Ridge Regression Prediction - Platform For AI - Alibaba Cloud Documentation Center

The Ridge Regression Prediction component supports sparse and dense data. You can use this component to estimate values of numeric variables, such as housing prices, sales volumes, and temperatures. This topic describes how to configure the Ridge Regression Prediction component.

Limits

The supported computing engines are MaxCompute, Apache Flink or DLC.

How Tikhonov regularization works

Tikhonov regularization is a biased estimation regression method dedicated to the analysis of collinearity data. It is essentially an improved least squares method. By giving up the unbiasedness of the least squares method, Tikhonov regularization is more realistic and reliable to obtain regression coefficients and fits better with ill-conditioned data than the least squares method. However, Tikhonov regularization also causes partial information loss and reduced accuracy.

Configure the component in the PAI console

Input ports

Input port (left-to-right)	Data type	Recommended upstream component	Required
Input model of the prediction	None	Ridge Regression Training	Yes
Input data of the prediction	None	Read Table Feature Engineering Data preprocessing	Yes

Component parameters

Tab	Parameter	Description
Field Setting	reservedCols	The columns to be reserved by the algorithm.
Field Setting	vectorCol	The name of the vector column.
Parameter Setting	predictionCol	The name of the prediction column.
Parameter Setting	numThreads	The number of threads of the component. Default value: 1.
Execution Tuning	Number of Workers	The number of workers. This parameter must be used together with the Memory per worker, unit MB parameter. The value of this parameter must be a positive integer. Valid values: [1,9999].
Execution Tuning	Memory per worker, unit MB	The memory size of each worker. Valid values: 1024 to 64 × 1024. Unit: MB.
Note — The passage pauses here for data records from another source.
Lemma eq_phase_eval (R : realType) vy vy' (P : phase) :
  {in phase_yvars P, vy =1 vy'} -> phase_eval R vx vy P = phase_eval R vx vy' P.
Proof.
rewrite /phase_eval; elim: P => [|c P IHP] eq_vy; first by rewrite !big_nil.
rewrite !big_cons (eq_mon_eval (vy' := vy')) ?IHP // => z zP.
  by rewrite eq_vy // mem_cat zP orbT.
by rewrite eq_vy // mem_cat zP.
Qed.

Lemma fnd_inst_map vy (m : {fmap nat -> bpoly}) k :
  (inst_map vx vy m).[? k] = omap (bpoly_eval vx vy) m.[? k].
Proof.
case: (fndP m k) => [km|kNm]; last by rewrite not_fnd.
by rewrite (@in_fnd _ _ (inst_map vx vy m) k km) ffunE.
Qed.

Lemma eq_inst_map vy vy' (m : {fmap nat -> bpoly}) :
  (forall k : domf m, {in bpoly_yvars (m k), vy =1 vy'}) ->
  inst_map vx vy m = inst_map vx vy' m.
Proof.
move=> eq_vy; apply/fmapP => k; rewrite !fnd_inst_map.
by case: (fndP m k) => // km /=; rewrite (eq_bpoly_eval (eq_vy [` km])).
Qed.

Lemma bpoly_eval_cat vy (p q : bpoly) :
  bpoly_eval vx vy (p ++ q) = bpoly_eval vx vy p (+) bpoly_eval vx vy q.
Proof. by elim: p => [|m p IHp] //; rewrite cat_cons !bpoly_eval_cons IHp addbA. Qed.

Lemma bpoly_eval_mulv vy v (p : bpoly) :
  bpoly_eval vx vy [seq v :: m | m <- p] = var_eval vx vy v && bpoly_eval vx vy p.
Proof.
elim: p => [|m p IHp]; first by rewrite andbF.
by rewrite map_cons !bpoly_eval_cons IHp /=; case: (var_eval vx vy v).
Qed.

Lemma bpoly_eval_bsel vy yf p1 p2 :
  bpoly_eval vx vy (bsel yf p1 p2) =
  if vy yf then bpoly_eval vx vy p2 else bpoly_eval vx vy p1.
Proof.
rewrite /bsel !bpoly_eval_cat !bpoly_eval_mulv /=.
by case: (vy yf); rewrite /= ?addbA ?addbb ?addbF.
Qed.

Lemma phase_eval_cat (R : realType) vy (P Q : phase) :
  phase_eval R vx vy (P ++ Q) = phase_eval R vx vy P + phase_eval R vx vy Q.
Proof. by rewrite /phase_eval big_cat. Qed.

Lemma phase_eval_psel (R : realType) vy yf P1 P2 :
  phase_eval R vx vy (psel yf P1 P2) =
  if vy yf then phase_eval R vx vy P2 else phase_eval R vx vy P1.
Proof.
rewrite /psel /phase_eval !big_cat !big_map /=; case: (vy yf) => /=.
  rewrite addrA -big_split big1 ?add0r //= => c _.
  by rewrite /dyadic_val /= mulrNz !mulNr subrr.
by rewrite [X in _ + (_ + X)]big1 ?[X in _ + (X + _)]big1 ?addr0 // => c _; rewrite mulr0.
Qed.

Lemma inst_map_msel vy yf (m1 m2 : {fmap nat -> bpoly}) :
  domf m1 = domf m2 ->
  inst_map vx vy (msel yf m1 m2) = if vy yf then inst_map vx vy m2 else inst_map vx vy m1.
Proof.
move=> eq_dom; apply/fmapP => k; rewrite fnd_inst_map.
case: (fndP m1 k) => [k1|kN1]; last first.
  have kN2 : k \notin domf m2 by rewrite -eq_dom.
  by rewrite not_fnd //; case: (vy yf); rewrite fnd_inst_map not_fnd.
have k2 : k \in domf m2 by rewrite -eq_dom.
rewrite in_fnd /= ffunE bpoly_eval_bsel in_fnd.
by case: (vy yf); rewrite fnd_inst_map ?(in_fnd k1) ?(in_fnd k2).
Qed.

Lemma inst_stack_msel vy yf (s1 s2 : cmem) :
  size s1 = size s2 -> (forall t, domf (nth [fmap] s1 t) = domf (nth [fmap] s2 t)) ->
  inst_stack vx vy [seq msel yf mm.1 mm.2 | mm <- zip s1 s2] =
  if vy yf then inst_stack vx vy s2 else inst_stack vx vy s1.
Proof.
elim: s1 s2 => [|m1 s1 IHs] [|m2 s2] //=; first by case: (vy yf).
move=> [eq_size] eq_dom; rewrite (inst_map_msel _ _ (eq_dom 0%N)).
have := IHs s2 eq_size (fun t => eq_dom t.+1); rewrite /inst_stack => ->.
by case: (vy yf).
Qed.

Lemma inst_map_catf vy (m1 m2 : {fmap nat -> bpoly}) :
  inst_map vx vy (catf m1 m2) = catf (inst_map vx vy m1) (inst_map vx vy m2).
Proof.
by apply/fmapP => k; rewrite fnd_inst_map !fnd_cat !fnd_inst_map; case: ifP.
Qed.

Lemma nth_inst_stack vy (s : cmem) t :
  nth [fmap] (inst_stack vx vy s) t = inst_map vx vy (nth [fmap] s t).
Proof.
case: (ltnP t (size s)) => ts; first by rewrite (nth_map [fmap]).
rewrite !nth_default ?size_map //.
by apply/fmapP => k; rewrite fnd_inst_map !fnd_fmap0.
Qed.

Lemma inst_stack_union vy (s1 s2 : cmem) :
  inst_stack vx vy (stack_union s1 s2) =
  stack_union (inst_stack vx vy s1) (inst_stack vx vy s2).
Proof.
rewrite /stack_union /inst_stack /mkseq -map_comp !size_map; apply: eq_map => t /=.
by rewrite !nth_inst_stack inst_map_catf.
Qed.

End Evaluation.

Lemma valSU (A S X : {fset nat}) :
  [disjoint A & X] -> {in A, valS (S `|` X) =1 valS S}.
Proof.
by move=> /fdisjointP dAX j jA; rewrite /valS inE (negbTE (dAX j jA)) orbF.
Qed.

Section VectorMap.
Variable R : realType.
Implicit Types (h : hps R) (vx vy : nat -> bool) (eta : history).

Lemma expiD (x y : R) : expi (x + y) = expi x * expi y.
Proof.
rewrite /expi !mulrDr cosD sinD.
by rewrite -[((_ +i* _) * (_ +i* _))%C]/(_ +i* _)%C; congr (_ +i* _)%C; ring.
Qed.

Lemma ket_catf (i1 i2 b : {fmap nat -> bool}) : [disjoint domf i1 & domf i2] ->
  ket R (catf i1 i2) b = if domf b == domf i1 `|` domf i2 then
     ket R i1 b.[& domf i1] * ket R i2 b.[& domf i2] else 0.
Proof.
move=> dj; rewrite /ket eq_catf_restrict //.
by case: (domf b == _); case: (_ == i1); case: (_ == i2);
  rewrite /= ?rmorph1 ?rmorph0 ?mulr1 ?mulr0.
Qed.

Lemma vtensor_sum (I J : Type) (r1 : seq I) (r2 : seq J) (A1 A2 : {fset nat})
    (f : I -> qvec R) (g : J -> qvec R) b :
  \sum_(i <- r1) \sum_(j <- r2) vtensor A1 A2 (f i) (g j) b =
  vtensor A1 A2 (fun b => \sum_(i <- r1) f i b) (fun b => \sum_(j <- r2) g j b) b.
Proof.
rewrite /vtensor; case: ifP => _; last by rewrite big1 // => i _; rewrite big1.
by rewrite big_distrl; apply: eq_bigr => i _; rewrite big_distrr.
Qed.

Lemma eq_prodY (D : {fset nat}) vy vy' :
  {in D, vy =1 vy'} -> prodY R D vy = prodY R D vy'.
Proof. by move=> eq_vy; apply: eq_big_seq => j /eq_vy ->. Qed.

Lemma prodY_valS (D S : {fset nat}) : prodY R D (valS S) = (D `<=` S)%:R.
Proof.
rewrite /prodY /valS (_ : D `<=` S = all [in S] D); last exact/fsubsetP/allP.
elim: (enum_fset D) => [|j s IHs]; first by rewrite big_nil.
by rewrite big_cons /= IHs; case: (j \in S); rewrite ?mul1r ?mul0r.
Qed.

Lemma is_history_shape (h : hps R) eta : is_history h eta ->
  size eta = size (hcl h) /\ forall t, domf (nth [fmap] eta t) = domf (nth [fmap] (hcl h) t).
Proof.
rewrite /is_history; elim: (hcl h) eta => [|m s IHs] [|e eta] //=.
  by split=> // t; rewrite !nth_nil.
by case/andP=> /eqP eq_dom /IHs[-> eq_nth]; split=> // [[]].
Qed.

Definition path_term h vx vy eta : qvec R := fun b =>
  if inst_stack vx vy (hcl h) == eta then
    (hs h vx vy)%:C * expi (phase_eval R vx vy (hP h)) * ket R (inst_map vx vy (hqu h)) b
  else 0.

Lemma xiE h vx eta b :
  xi h vx eta b = \sum_(S <- fpowerset (hsu h)) path_term h vx (valS S) eta b.
Proof. by rewrite /xi big_mkcond. Qed.

Lemma eq_path_term h vx vy vy' eta :
  wf_hps h -> {in hsu h, vy =1 vy'} -> path_term h vx vy eta = path_term h vx vy' eta.
Proof.
case=> suP suqu sucl su_s _ eq_vy; rewrite /path_term (su_s vx vy vy' eq_vy).
rewrite (eq_phase_eval _ _ (sub_in1 suP eq_vy)).
rewrite (eq_inst_map _ (fun k => sub_in1 (suqu k) eq_vy)).
suff -> : inst_stack vx vy (hcl h) = inst_stack vx vy' (hcl h) by [].
by apply/eq_in_map => m hm; exact: eq_inst_map (fun k => sub_in1 (sucl m hm k) eq_vy).
Qed.

Lemma xi_pad h (D : {fset nat}) vx eta b : wf_hps h -> [disjoint hsu h & D] ->
  \sum_(S <- fpowerset (hsu h `|` D)) path_term h vx (valS S) eta b * (prodY R D (valS S))%:C
  = xi h vx eta b.
Proof.
move=> wfh dD; under eq_bigr do rewrite prodY_valS rmorph_nat mulr_natr mulrb.
rewrite big_fpowerset_supset // xiE; apply: eq_bigr => T _.
by rewrite (eq_path_term _ _ wfh (valSU T dD)).
Qed.

Lemma path_term_boxplus h1 h2 a yf vx vy eta b : sum_defined h1 h2 ->
  path_term (boxplus a yf h1 h2) vx vy eta b =
  if vy yf then path_term h2 vx vy eta b * (prodY R (hsu h1 `\` hsu h2) vy)%:C
  else a%:C * path_term h1 vx vy eta b * (prodY R (hsu h2 `\` hsu h1) vy)%:C.
Proof.
case=> eq_qu eq_size eq_cl; rewrite /path_term /=.
rewrite inst_stack_msel // phase_eval_psel inst_map_msel //.
case: (vy yf); case: (_ == eta); rewrite ?rmorphM ?(mul0r, mulr0) //; ring.
Qed.

Lemma xi_boxplus h1 h2 a yf vx eta b :
  wf_hps h1 -> wf_hps h2 -> sum_defined h1 h2 -> yf \notin hsu h1 `|` hsu h2 ->
  xi (boxplus a yf h1 h2) vx eta b = a%:C * xi h1 vx eta b + xi h2 vx eta b.
Proof.
move=> wf1 wf2 sd yfN; have [yf1 yf2] : yf \notin hsu h1 /\ yf \notin hsu h2.
  by apply/norP; rewrite -in_fsetU.
have eq_fsetUD (A B : {fset nat}) : A `|` B = A `|` (B `\` A).
  by apply/fsetP => j; rewrite !inE; case: (j \in A).
have disj_D (A B : {fset nat}) : [disjoint A & B `\` A].
  by apply/fdisjointP => j jA; rewrite inE jA.
rewrite xiE big_fpowersetU1 // big_split /=; congr (_ + _).
  rewrite (eq_fsetUD (hsu h1)) -(xi_pad _ _ _ wf1 (disj_D _ (hsu h2))) mulr_sumr.
  rewrite -eq_fsetUD.
  apply: eq_big_seq => S; rewrite fpowersetE => /fsubsetP SN.
  rewrite path_term_boxplus // mulrA; case: ifP => // /SN.
  by rewrite (negbTE yfN).
rewrite fsetUC (eq_fsetUD (hsu h2)) -(xi_pad _ _ _ wf2 (disj_D _ (hsu h1))).
rewrite -eq_fsetUD fsetUC.
apply: eq_bigr => S _; rewrite path_term_boxplus // /valS !inE eqxx orbT.
rewrite -/(valS _) (eq_path_term _ _ wf2 (valSU _ _)) ?fdisjointX1 //.
by rewrite (eq_prodY (valSU _ _)) // fdisjointX1 inE (negbTE yf1) andbF.
Qed.

Lemma path_term_tensor h1 h2 vx vy eta1 eta2 b :
  tensor_defined h1 h2 -> is_history h1 eta1 -> is_history h2 eta2 ->
  path_term (tensor h1 h2) vx vy (hist_tensor eta1 eta2) b =
  vtensor (domf (hqu h1)) (domf (hqu h2))
    (path_term h1 vx vy eta1) (path_term h2 vx vy eta2) b.
Proof.
case=> _ dqu dcl /is_history_shape[size1 dom1] /is_history_shape[size2 dom2].
set I1 := inst_stack vx vy (hcl h1); set I2 := inst_stack vx vy (hcl h2).
have split_eq : (stack_union I1 I2 == hist_tensor eta1 eta2) = (I1 == eta1) && (I2 == eta2).
  apply/eqP/andP => [eq_union|[/eqP -> /eqP ->] //].
  suff [-> ->] : I1 = eta1 /\ I2 = eta2 by [].
  apply: stack_union_inj eq_union => [||t|t|t]; rewrite ?size_map ?nth_inst_stack //=.
rewrite /path_term /vtensor /= inst_stack_union split_eq inst_map_catf ket_catf //.
rewrite phase_eval_cat expiD rmorphM.
by case: (I1 == eta1); case: (I2 == eta2); case: (domf b == _);
  rewrite /= ?(mul0r, mulr0) //; ring.
Qed.

Lemma xi_tensor h1 h2 vx eta1 eta2 b :
  wf_hps h1 -> wf_hps h2 -> tensor_defined h1 h2 ->
  is_history h1 eta1 -> is_history h2 eta2 ->
  xi (tensor h1 h2) vx (hist_tensor eta1 eta2) b =
  vtensor (domf (hqu h1)) (domf (hqu h2)) (xi h1 vx eta1) (xi h2 vx eta2) b.
Proof.
move=> wf1 wf2 td he1 he2; have [dsu _ _] := td.
rewrite xiE big_fpowersetU //.
under eq_big_seq => S1 /[!fpowersetE] S1sub.
  under eq_big_seq => S2 /[!fpowersetE] S2sub.
    rewrite path_term_tensor // (eq_path_term _ _ wf1 (valSU _ (fdisjointWr S2sub dsu))).
    rewrite fsetUC (eq_path_term _ _ wf2 (valSU _ _)); last first.
      by rewrite fdisjoint_sym (fdisjointWl S1sub).
    over.
  over.
by rewrite vtensor_sum /vtensor; case: ifP => // _; rewrite !xiE.
Qed.

End VectorMap.

Theorem mainTheorem1 (R : realType) (h1 h2 : hps R) :
  wf_hps h1 -> wf_hps h2 ->
  (forall (a : R) (yf : nat),
      constructible a -> sum_defined h1 h2 -> yf \notin (hsu h1 `|` hsu h2)%fset ->
      forall (vx : nat -> bool) (eta : history) (b : basis),
        xi (boxplus a yf h1 h2) vx eta b = a%:C * xi h1 vx eta b + xi h2 vx eta b)
  /\
  (tensor_defined h1 h2 ->
      forall (vx : nat -> bool) (eta1 eta2 : history),
        is_history h1 eta1 -> is_history h2 eta2 ->
        forall b : basis,
          xi (tensor h1 h2) vx (hist_tensor eta1 eta2) b
          = vtensor (domf (hqu h1)) (domf (hqu h2)) (xi h1 vx eta1) (xi h2 vx eta2) b).
Proof.
move=> wf1 wf2; split=> [a yf _ sd yfN vx eta b | td vx eta1 eta2 he1 he2 b].
  exact: xi_boxplus.
exact: xi_tensor.
Qed.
Configure the component by coding

You can copy the following code to the code editor of the PyAlink Script component. This allows the PyAlink Script component to function like the Ridge Regression Prediction component.

from pyalink.alink import *

def main(sources, sinks, parameter):
    model = sources[0]
    batchData = sources[1]

    predictor = RidgeRegPredictBatchOp()\
        .setPredictionCol("pred")
    result = predictor.linkFrom(model, batchData)
    result.link(sinks[0])
    BatchOperator.execute()